» **GOAL OF THE EXERCISE**:
Using the material below, return exactly the lines between the one holding "exists 0%nat. intros" and the one holding "Proof. intros Hi.", inclusive, and no others.

··· MATERIAL FOR THE TASK ···

Lemma Circ_shift n a i s : (i < n)%nat -> (s < n)%nat -> Circ n a i ((i + s) mod n) = a s.
Proof.
  intros Hi Hs. unfold Circ. f_equal.
  destruct (Nat.lt_ge_cases (i + s) n) as [Hlt|Hge].
  - rewrite (Nat.mod_small (i + s) n Hlt).
    replace (i + s + n - i)%nat with (s + 1 * n)%nat by lia.
    rewrite Nat.Div0.mod_add. now apply Nat.mod_small.
  - replace (i + s)%nat with ((i + s - n) + 1 * n)%nat by lia.
    rewrite Nat.Div0.mod_add, (Nat.mod_small (i + s - n) n) by lia.
    replace (i + s - n + n - i)%nat with s by lia. now apply Nat.mod_small.
Qed.

Lemma Circ_row0 n a t : (t < n)%nat -> Circ n a 0 t = a t.
Proof. intros Ht. rewrite <- (Circ_shift n a 0 t) by lia. now rewrite Nat.mod_small. Qed.

Lemma Circ_bounds n a i j : nonneg_vec n a -> (i < n)%nat ->
  0 <= Circ n a i j <= bigmax n a.
Proof.
  intros Ha Hi. pose proof (Circ_index_lt n i j Hi). unfold Circ.
  split; [now apply Ha | now apply bigmax_ub].
Qed.

Lemma iter_shift n s m p : (p < n)%nat ->
  Nat.iter m (fun q => (q + s) mod n) p = ((p + m * s) mod n)%nat.
Proof.
  intros Hp. induction m as [|m IH]; simpl.
  - rewrite Nat.add_0_r. symmetry. now apply Nat.mod_small.
  - rewrite IH, Nat.Div0.add_mod_idemp_l. f_equal. lia.
Qed.

(* Stepping by the position [s0] of the largest coefficient runs along entries all equal to
   the maximum, and returns to its start after [n] steps. *)
Lemma mlambda_Circ n a : (0 < n)%nat -> nonneg_vec n a -> mlambda n (Circ n a) = bigmax n a.
Proof.
  intros Hn Ha. apply Rle_antisym.
  - apply mlambda_le; [apply bigmax_nonneg|]. intros i j Hi _. now apply Circ_bounds.
  - destruct (bigmax_attained n a Hn Ha) as [s0 [Hs0 ->]].
    apply (mlambda_ge_periodic n (Circ n a) (fun q => (q + s0) mod n) (a s0) 0 n); auto.
    + intros q Hq. now apply Circ_shift.
    + intros q _. apply Nat.mod_upper_bound. lia.
    + rewrite iter_shift by exact Hn. simpl.
      replace (n * s0)%nat with (s0 * n)%nat by lia. apply Nat.Div0.mod_mul.
Qed.

Lemma miter_ge_along_map n A f y : nonneg_mx n A -> nonneg_vec n y ->
  (forall q, (q < n)%nat -> (f q < n)%nat) -> (forall q, (q < n)%nat -> 1 <= A q (f q)) ->
  forall r i, (i < n)%nat -> y (Nat.iter r f i) <= miter n A r y i.
Proof.
  intros HA Hy Hf H1. induction r as [|r IH]; intros i Hi.
  - simpl. rewrite miter_0 by auto. lra.
  - rewrite miter_succ, Nat.iter_succ_r by auto.
    eapply Rle_trans; [apply IH, Hf, Hi|].
    eapply Rle_trans; [|apply (bigmax_ub n (fun k => A i k * miter n A r y k)), Hf, Hi].
    rewrite <- (Rmult_1_l (miter n A r y (f i))) at 1.
    apply Rmult_le_compat_r; [apply miter_nonneg, Hf, Hi | apply H1, Hi].
Qed.

Lemma miter_Circ_return n a s0 x m : nonneg_vec n a -> (s0 < n)%nat -> a s0 = 1 ->
  nonneg_vec n x -> vec_le n x (miter n (Circ n a) (m * n) x).
Proof.
  intros Ha Hs0 H1 Hx i Hi.
  assert (HC : nonneg_mx n (Circ n a)) by (intros p q Hp _; now apply Circ_bounds).
  assert (Hf : forall q, (q < n)%nat -> ((q + s0) mod n < n)%nat)
    by (intros q Hq; apply Nat.mod_upper_bound; lia).
  assert (Hdiag : forall q, (q < n)%nat -> 1 <= Circ n a q ((q + s0) mod n))
    by (intros q Hq; rewrite Circ_shift; auto; lra).
  pose proof (miter_ge_along_map n _ _ x HC Hx Hf Hdiag (m * n) i Hi) as Hwalk.
  rewrite iter_shift in Hwalk by exact Hi.
  replace (i + m * n * s0)%nat with (i + m * s0 * n)%nat in Hwalk by lia.
  now rewrite Nat.Div0.mod_add, Nat.mod_small in Hwalk.
Qed.

Lemma Attr_iff_normalized n A x : 0 < mlambda n A ->
  Attr n A x <-> exists t, forall i, (i < n)%nat ->
    miter n (fun i j => A i j / mlambda n A) (S t) x i =
    miter n (fun i j => A i j / mlambda n A) t x i.
Proof.
  intros Hl. set (l := mlambda n A) in *. set (A' := fun i j => A i j / l).
  assert (Hscale : forall t i, miter n A t x i = l ^ t * miter n A' t x i).
  { intros t i. apply miter_scale; [intros p q; unfold A'; field | ]; lra. }
  unfold Attr. fold l.
  split; intros [t Ht]; exists t; intros i Hi; specialize (Ht i Hi).
  - change (miter n A (S t) x i = l * miter n A t x i) in Ht.
    rewrite !Hscale in Ht. simpl in Ht.
    pose proof (pow_lt l t Hl).
    apply (Rmult_eq_reg_l (l * l ^ t)); [lra | nra].
  - change (miter n A (S t) x i = l * miter n A t x i).
    rewrite !Hscale, Ht. simpl. ring.
Qed.

Lemma Attr_zero_mx n A x : nonneg_vec n x ->
  (forall i j, (i < n)%nat -> (j < n)%nat -> A i j = 0) -> Attr n A x.
Proof.
  intros Hx HA.
  assert (HA0 : nonneg_mx n A) by (intros i j Hi Hj; rewrite HA by auto; lra).
  assert (Hl : mlambda n A = 0).
  { apply Rle_antisym; [|apply mlambda_nonneg].
    apply mlambda_le; [lra|]. intros i j Hi Hj. rewrite HA by auto. lra. }
  exists 0%nat. intros i Hi. rewrite Hl, Rmult_0_l.
  change (miter n A 1 x i = 0). rewrite miter_succ by auto.
  apply Rle_antisym; [|apply bigmax_nonneg].
  apply bigmax_lub; [lra|]. intros k Hk. rewrite HA by auto. lra.
Qed.

Section Extensionality.
Variables (n : nat) (A B : nat -> nat -> R).
Hypothesis HAB : forall i j, (i < n)%nat -> (j < n)%nat -> A i j = B i j.

Lemma mpow_ext t i j : (i < n)%nat -> mpow n A t i j = mpow n B t i j.
Proof.
  revert i j. induction t as [|t IH]; intros i j Hi; [reflexivity|]. simpl. unfold mmul.
  apply bigmax_ext. intros k Hk. now rewrite HAB, IH.
Qed.

Lemma path_w_ext first l : (first < n)%nat -> (forall i, In i l -> (i < n)%nat) ->
  path_w A first l = path_w B first l.
Proof.
  intros Hf Hl. induction l as [|a l IH]; [reflexivity|].
  assert (Ha : (a < n)%nat) by (apply Hl; now left).
  destruct l as [|b l]; [simpl; now apply HAB|].
  change (A a b * path_w A first (b :: l) = B a b * path_w B first (b :: l)).
  rewrite HAB, IH; auto; [intros i Hi; apply Hl; now right | apply Hl; right; now left].
Qed.

Lemma mlambda_ext : mlambda n A = mlambda n B.
Proof.
  unfold mlambda. f_equal. apply map_ext_in. intros c [Hc Hi]%cycles_bounded.
  destruct c as [|i c]; [congruence|]. unfold cycle_w. rewrite path_w_ext; auto.
  apply Hi. now left.
Qed.

Lemma miter_ext t x i : (i < n)%nat -> miter n A t x i = miter n B t x i.
Proof. intros Hi. apply bigmax_ext. intros k _. now rewrite mpow_ext. Qed.

Lemma Attr_ext x : Attr n A x -> Attr n B x.
Proof.
  intros [t Ht]. exists t. intros i Hi. specialize (Ht i Hi).
  change (miter n A (S t) x i = mlambda n A * miter n A t x i) in Ht.
  change (miter n B (S t) x i = mlambda n B * miter n B t x i).
  now rewrite <- !miter_ext, <- mlambda_ext.
Qed.

End Extensionality.

Lemma Rdiv_le_cross a b M N : 0 < M -> 0 < N -> a * N <= b * M -> a / M <= b / N.
Proof.
  intros HM HN H. apply (Rmult_le_reg_r (M * N)); [nra|].
  replace (a / M * (M * N)) with (a * N) by (field; lra).
  replace (b / N * (M * N)) with (b * M) by (field; lra). exact H.
Qed.

(* The domination hypothesis says [Circ a / lambda(Circ a) <= Circ b / lambda(Circ b)]. *)
Lemma Attr_Circ_transfer n a b x : (0 < n)%nat -> nonneg_vec n a -> nonneg_vec n b ->
  nonneg_vec n x -> bigmax n b <= bigmax n a ->
  (forall t, (t < n)%nat -> a t * bigmax n b <= b t * bigmax n a) ->
  Attr n (Circ n a) x -> Attr n (Circ n b) x.
Proof.
  intros Hn Ha Hb Hx Hab Hdom HAttr.
  destruct (Rle_lt_dec (bigmax n b) 0) as [Hb0|Hb0].
  { apply Attr_zero_mx; [exact Hx|]. intros i j Hi _.
    pose proof (Circ_bounds n b i j Hb Hi). lra. }
  assert (Ha0 : 0 < bigmax n a) by lra.
  rewrite Attr_iff_normalized, mlambda_Circ in HAttr |- * by (rewrite ?mlambda_Circ; auto).
  destruct HAttr as [T HT].
  destruct (bigmax_attained n a Hn Ha) as [s0 [Hs0 Es0]].
  apply (miter_eventually_fixed_of_dominated n (fun i j => Circ n a i j / bigmax n a) _ x T);
    auto.
  - intros i j Hi _. pose proof (Circ_bounds n a i j Ha Hi).
    apply Rmult_le_pos; [lra | left; now apply Rinv_0_lt_compat].
  - intros i j Hi _. pose proof (Circ_index_lt n i j Hi). unfold Circ.
    apply Rdiv_le_cross; auto.
  - intros i j Hi _. pose proof (Circ_bounds n b i j Hb Hi).
    rewrite <- (Rinv_r (bigmax n b)) by lra.
    apply Rmult_le_compat_r; [left; now apply Rinv_0_lt_compat | lra].
  - exists (T * n)%nat. split; [nia|].
    apply (miter_Circ_return n (fun t => a t / bigmax n a) s0); auto.
    + intros t Ht. apply Rmult_le_pos; [now apply Ha | left; now apply Rinv_0_lt_compat].
    + rewrite <- Es0. field. lra.
Qed.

···

» **TASK RESPONSE**:
  exists 0%nat. intros i Hi. rewrite Hl, Rmult_0_l.
  change (miter n A 1 x i = 0). rewrite miter_succ by auto.
  apply Rle_antisym; [|apply bigmax_nonneg].
  apply bigmax_lub; [lra|]. intros k Hk. rewrite HA by auto. lra.
Qed.

Section Extensionality.
Variables (n : nat) (A B : nat -> nat -> R).
Hypothesis HAB : forall i j, (i < n)%nat -> (j < n)%nat -> A i j = B i j.

Lemma mpow_ext t i j : (i < n)%nat -> mpow n A t i j = mpow n B t i j.
Proof.
  revert i j. induction t as [|t IH]; intros i j Hi; [reflexivity|]. simpl. unfold mmul.
  apply bigmax_ext. intros k Hk. now rewrite HAB, IH.
Qed.

Lemma path_w_ext first l : (first < n)%nat -> (forall i, In i l -> (i < n)%nat) ->
  path_w A first l = path_w B first l.
Proof.
  intros Hf Hl. induction l as [|a l IH]; [reflexivity|].
  assert (Ha : (a < n)%nat) by (apply Hl; now left).
  destruct l as [|b l]; [simpl; now apply HAB|].
  change (A a b * path_w A first (b :: l) = B a b * path_w B first (b :: l)).
  rewrite HAB, IH; auto; [intros i Hi; apply Hl; now right | apply Hl; right; now left].
Qed.

Lemma mlambda_ext : mlambda n A = mlambda n B.
Proof.
  unfold mlambda. f_equal. apply map_ext_in. intros c [Hc Hi]%cycles_bounded.
  destruct c as [|i c]; [congruence|]. unfold cycle_w. rewrite path_w_ext; auto.
  apply Hi. now left.
Qed.

Lemma miter_ext t x i : (i < n)%nat -> miter n A t x i = miter n B t x i.
Proof. intros Hi. apply bigmax_ext. intros k _. now rewrite mpow_ext. Qed.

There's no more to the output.